Из Туапсе в Сочи хотел я выехать пароходом, он отправлялся вдоль побережья с продуктами. Но в ночь на 13 ноября в городе произошла тревога: в море показались огни, и пароход отложил на сутки свой отход. Неуверенный в сроке отъезда с пароходом, я выехал автомобилем.
Никогда черноморское шоссе не знало такого движения как в эти дни. Мы постоянно встречаем телеги, коляски, дилижансы, линейки, полные людьми и вещами. Едут и везут на лошадях, на буйволах, коровах, в автомобилях, едут верхом, идут пешком.
В с. Лазаревском встретили больше десятка казённых и частных автомобилей из Сочи: едет отряд сестёр милосердия, командированный в Екатеринодар; постоянные жители Сочи и Гагр, владельцы дач и имений выезжают во внутренние губернии.
С нами в автомобиле едет к мужу в Сочи дама. Настроена героически и восторженно. Она не боится никаких турок, будет жить в Сочи всю зиму. Она болтает наивный и приятный вздор.

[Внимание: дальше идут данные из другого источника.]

Lemma span_coord_unique (y : vec m) x t x' t' : ~ D y -> D x -> D x' ->
  vadd x (vscale t y) = vadd x' (vscale t' y) -> x = x' /\ t = t'.
Proof.
have [_ [Dadd Dscale]] := D_subspace.
move=> Dy Dx Dx' E; have Ei i : x i + t * y i = x' i + t' * y i.
  by have := f_equal (fun v => v i) E.
case: (Req_dec t t') => [tt' | tt'].
  by split=> //; apply: vec_ext => i; have := Ei i; rewrite tt'; lra.
case: Dy; have -> : y = vscale (/ (t - t')) (vadd x' (vscale (-1) x)).
  vext; have -> : x' i + -1 * x i = (t - t') * y i by have := Ei i; lra.
  by field; lra.
exact/Dscale/Dadd/Dscale.
Qed.

Lemma hahn_banach_step (y : vec m) :
  exists D' F', subspace D' /\ linear_on D' F' /\ (forall x, D' x -> F' x <= q x) /\
    D' y /\ (forall x, D x -> D' x /\ F' x = F x).
Proof.
have [D0 [Dadd Dscale]] := D_subspace; have [Fadd Fscale] := F_linear.
case: (classic (D y)) => Dy; first by exists D, F.
have [c [c_ge c_le]] := extension_value_exists y.
pose D' z := exists x t, D x /\ z = vadd x (vscale t y).
pose F' z := epsilon (inhabits 0)
  (fun r => exists x t, D x /\ z = vadd x (vscale t y) /\ r = F x + t * c).
have F'E x t : D x -> F' (vadd x (vscale t y)) = F x + t * c.
  move=> Dx; rewrite /F'; have [|x' [t' [Dx' [E ->]]]] := epsilon_spec (inhabits 0)
    (fun r => exists x' t', D x' /\ vadd x (vscale t y) = vadd x' (vscale t' y) /\
                           r = F x' + t' * c).
    by exists (F x + t * c), x, t.
  by have [-> ->] := span_coord_unique Dy Dx Dx' E.
exists D', F'; split; [|split; [|split; [|split]]].
- split; [|split].
  + by exists (@vzero m), 0; split=> //; vext; ring.
  + move=> _ _ [x1 [t1 [D1 ->]]] [x2 [t2 [D2 ->]]].
    by exists (vadd x1 x2), (t1 + t2); split; [exact: Dadd | vext; ring].
  + move=> a _ [x1 [t1 [D1 ->]]].
    by exists (vscale a x1), (a * t1); split; [exact: Dscale | vext; ring].
- split.
  + move=> _ _ [x1 [t1 [D1 ->]]] [x2 [t2 [D2 ->]]].
    have -> : vadd (vadd x1 (vscale t1 y)) (vadd x2 (vscale t2 y)) =
              vadd (vadd x1 x2) (vscale (t1 + t2) y) by vext; ring.
    by rewrite !F'E ?Fadd //; [ring | exact: Dadd].
  + move=> a _ [x1 [t1 [D1 ->]]].
    have -> : vscale a (vadd x1 (vscale t1 y)) =
              vadd (vscale a x1) (vscale (a * t1) y) by vext; ring.
    by rewrite !F'E ?Fscale //; [ring | exact: Dscale].
- by move=> _ [x [t [Dx ->]]]; rewrite F'E //; exact: extension_le.
- by exists (@vzero m), 1; split=> //; vext; ring.
- move=> x Dx; have E : x = vadd x (vscale 0 y) by vext; ring.
  by split; [exists x, 0 | rewrite {1}E F'E //; ring].
Qed.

Речь идёт почти о войне, но как будто и не о войне.
Кончился светлый день, наступил лиловый вечер. На дорогу выходят зайцы.
После первого же зайца дама стала молиться: «Господи, только бы не к худу!» И уж недалеко от Сочи встретила с возом мужа.
— Петя, ты? — закричала она в сумрак; скорее учуяла, чем увидела мужа.
— Я! — слышится озябший сердитый голос Пети.
В настроении разочарования и отчаяния, что в Сочи жить не придётся, дама в первую минуту даже не хочет пересаживаться на мужнин воз.
— Я озябла. Завтра тебя в автомобиле догоню.
Но, конечно, это она от неожиданности. С охами, ахами указывает шофёру развязать вещи.
— Да ведь я же тебе писала — приеду!
— Так я тебе телеграфировал — не приезжай!..
Слышим мы перекоры, оставляя на дороге взволнованных супругов. Всю дорогу до Сочи молчим, дремлем, убаюканные упругой летучестью автомобиля. Очнулись только у залитого электрическим светом подъезда гостиницы.
— Всё дело заяц испортил! — говорит, потягиваясь, один из спутников.
Среди кипарисов, тополей, пальм и лип белеют осиянные луной стены сочинских домов. Окна на море темны. На улицах пусто. Только за закрытыми дверями кофеен, в облаках табачного дыма, за домино, трик-трак и чашкой кофе сидят, шумят, проводят вечер те, коим некуда, не на что, да и незачем уезжать. Это — странная смесь и помесь казаков, греков, армян, грузин, турок и всех народов Кавказа.
Между Туапсе и Сочи вёрст сто по прямой линии, а в Сочи совсем иной климат. Синее морские дали, теплее горы. Здесь ещё не все деревья отряхнули листья. Зеленеют граб и липа, наполовину зелен дуб. Листья бананов пожухли от ночных заморозков, но кедры длиннолисты и свежи, и, кажется, курятся сизым дымком их пушистые ветви. Цветут розы. Светло, тепло, и уже с утра припекает.
Этой зимой черноморское побережье Кавказа ожидало громадного съезда публики. Но вот бич войны — испуг разогнал малодушных.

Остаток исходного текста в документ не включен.